"GENETICS is about to get personal." So proclaims the website of 23andMe, a Californian company that is gearing up to offer people a guided tour of their own DNA. For the superstars of genetics, it has already got personal. Earlier this week, genomics pioneer Craig Venter revealed an almost complete sequence of his genome, while that of James Watson, co-discoverer of DNA's double-helix structure, has been available on the web since late June.
Given that Watson's genome took almost $1 million to read, most of us won't immediately be following in his and Venter's footsteps. It isn't necessary to read your entire genome, however, to browse many of the genetic variations that may influence your health. According to George Church, a geneticist at Harvard Medical School in Boston, the most pertinent information could be gleaned by sequencing the 1 per cent of the genome that codes for proteins. Thanks to the advances in sequencing technology, that might be done for as little as $1000 per person. "DNA chips", meanwhile, can scan your genome for common "spelling mistakes" for just a few hundred dollars. At that price, the era of personalised genomics is already dawning. "This is the year," claims Church.
To push the field forward, Church has launched the Personal Genome Project (PGP), in which he and nine other volunteers have signed up to have the protein-coding regions of their genome made available on the web, along with their medical records, photographs of facial features and the results of a questionnaire about their health and personal habits. Within a few months, he aims to start scaling up to 100,000 volunteers.
Church is also an adviser to both 23andMe - named for the number of chromosome pairs in the human genome - and Cambridge Genomics, two of the firms hoping to turn personalised genomics into big business. But is the world ready for their services? As well as raising questions about the protection of personal genetic data, there are concerns about how people will use information that, at this stage, even trained medical geneticists find extremely difficult to interpret.
"The really big thing is for medicine and biology to catch up," says Michael Egholm of 454 Life Sciences in Branford, Connecticut, which provided the technology used to read Watson's genome. "We're going to have routine genome sequencing long before physicians know how to make any sense of it."
Church's PGP is intended in part as a resource to help researchers investigate the biological consequences of individual DNA sequence variation. To facilitate this, the relevant genetic, medical and lifestyle information will be placed in a public database. Church does not intend to include the names of the 100,000 volunteers, but he will warn them that it may be possible for them to be identified from the information that they provide.
For this reason, the PGP is drawing up procedures for obtaining informed consent, detailing ways in which participants' personal information might, in theory, be misused. These range from discrimination in employment or insurance to more fanciful scenarios such as someone synthesising DNA that matches part of your genome, then planting it at a crime scene. The project will even have an entrance examination to ensure that people understand the potential risks of participating. Further raising the motivational bar, volunteers may be asked to pay up to 20 per cent of the cost of sequencing their DNA.
Even so, some observers have reservations about the motivations of those who may take part. "Putting your DNA out there for the whole world to see appeals to people who have a molecular exhibitionist streak," suggests Kathy Hudson, who heads the Genetics and Public Policy Center in Washington DC. She and other experts consulted by New Scientist nevertheless agree that the PGP should be a valuable project. "On balance, I applaud what George is doing," says Richard Gibbs, director of the Human Genome Sequencing Center at Baylor College of Medicine in Houston, Texas.
Roadmap to health?
More controversial is the idea of companies providing paying customers with access to information about their own genomes. 23andMe - co-founded by Anne Wojcicki, wife of Google mogul Sergey Brin - is the best known.

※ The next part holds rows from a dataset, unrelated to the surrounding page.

Lemma fun_submodule_smodule A : smodule A -> fun_submodule (fun a => A (dmx a)).
Proof.
case=> A_Xp [A1 [AM [AV [AC _]]]]; split=> [|a b|a|a].
- by rewrite dmx1.
- by rewrite -mul_dmx; apply: AM.
- move=> Aa; have [/inX_dmx[a' /dmx_inj <- a1] _] := A_Xp _ Aa.
  by rewrite -invmx_dmx; [apply: AV | apply: prod_eq1_neq0].
- by rewrite -conjs_dmx; apply: AC.
Qed.

Lemma inXp_Xpj d : inXp d -> exists k, Xpj p k d.
Proof.
case=> /inX_dmx[a -> a1] [k dk1]; exists (k * p.-1)%N; apply/Xpj_dmx; exists a => //.
apply: level_of_torsion => // i; move: dk1; rewrite dmxX -dmx1 => /dmx_inj.
by move/(congr1 (fun f => f i)).
Qed.

Lemma smodule_sub_Xpj A n : smodule A -> has_order A n ->
  exists K, forall d, A d -> Xpj p K d.
Proof.
move=> [A_Xp _] [l [_ _ Al]].
have [K lK] := bound_seq (@Xpj_le) (fun d dl => inXp_Xpj (A_Xp d ((Al d).2 dl))).
by exists K => d /Al /lK.
Qed.

Lemma smodule_eq_Xpj A K : smodule A -> (forall d, A d -> Xpj p K d) ->
  exists k, forall d, A d <-> Xpj p k d.
Proof.
move=> A_mod; have A_sub := fun_submodule_smodule A_mod.
elim: K => [|K IHK] AK.
  exists 0%N => d; split=> [/AK //|/Xpj_dmx[a -> [_ /= ->]]].
  by rewrite dmx1; case: A_mod => _ [].
have [[d [Ad d_nK]]|all_K] := classic (exists d, A d /\ ~ Xpj p K d); last first.
  by apply: IHK => d Ad; apply: NNPP => d_nK; apply: all_K; exists d.
exists K.+1 => e; split=> [/AK //|/Xpj_dmx[b -> b_lvl]].
have /Xpj_dmx[a d_a a_lvl] := AK d Ad.
apply: (level_generated p_prime a_lvl _ A_sub) => //; last by rewrite -d_a.
by move=> a_K; apply: d_nK; rewrite d_a; apply/Xpj_dmx; exists a.
Qed.

Lemma smodule_order_Xpj j A : smodule A -> has_order A (p ^ j) ->
  forall d, A d <-> Xpj p j d.
Proof.
move=> A_mod A_ord; have [K AK] := smodule_sub_Xpj A_mod A_ord.
have [k A_k] := smodule_eq_Xpj A_mod AK.
suff -> : j = k by [].
by apply/(expnI (prime_gt1 p_prime))/(has_order_inj A_k A_ord)/card_Xpj.
Qed.

Lemma nj_spec j : (0 < j)%N -> (0 < nj p j)%N /\ (j <= nj p j * p.-1)%N.
Proof.
move=> j_gt0; have p_gt1 := prime_gt1 p_prime; rewrite /nj -subn1.
have pm1_gt0 : (0 < p - 1)%N by rewrite subn_gt0.
have := divn_eq (j + (p - 2)) (p - 1); have := ltn_pmod (j + (p - 2)) pm1_gt0.
set q := ((j + (p - 2)) %/ (p - 1))%N; set r := ((j + (p - 2)) %% (p - 1))%N.
nia.
Qed.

Based in Mountain View, California, the company plans to launch by the end of the year, and until then is keeping quiet about exactly what services it will provide. Informed sources expect it to concentrate initially on scanning customers' genomes for common genetic variants called SNPs - single-letter variations in our personal genetic code that are sometimes associated with disease. 23andMe's customers will also be able to share genetic information via web-based social networking - likely to appeal to people interested in using genetic data to help trace their family trees.
Navigenics, based just a short distance away in Redwood City, also intends to analyse customers' SNPs, but is more clearly focused on medical applications. "Your genes offer a roadmap to optimal health," claims its website, which includes a video explaining how customers can submit saliva samples and receive a read-out of their genome in return, with an explanation of what it means.
Massachusetts-based Cambridge Genomics, meanwhile, intends to move directly into DNA sequencing. Initially, customers can expect to pay around $40,000 for sequences of regions thought to be most relevant for health, rising to more than $1 million for a high-quality sequence of their entire genome. These costs will come down as sequencing technology continues to improve (see "Towards the $1000 genome"). Other companies are focusing on different aspects of "genome health", such as variations in our ability to repair DNA (see "Chromosome repairs").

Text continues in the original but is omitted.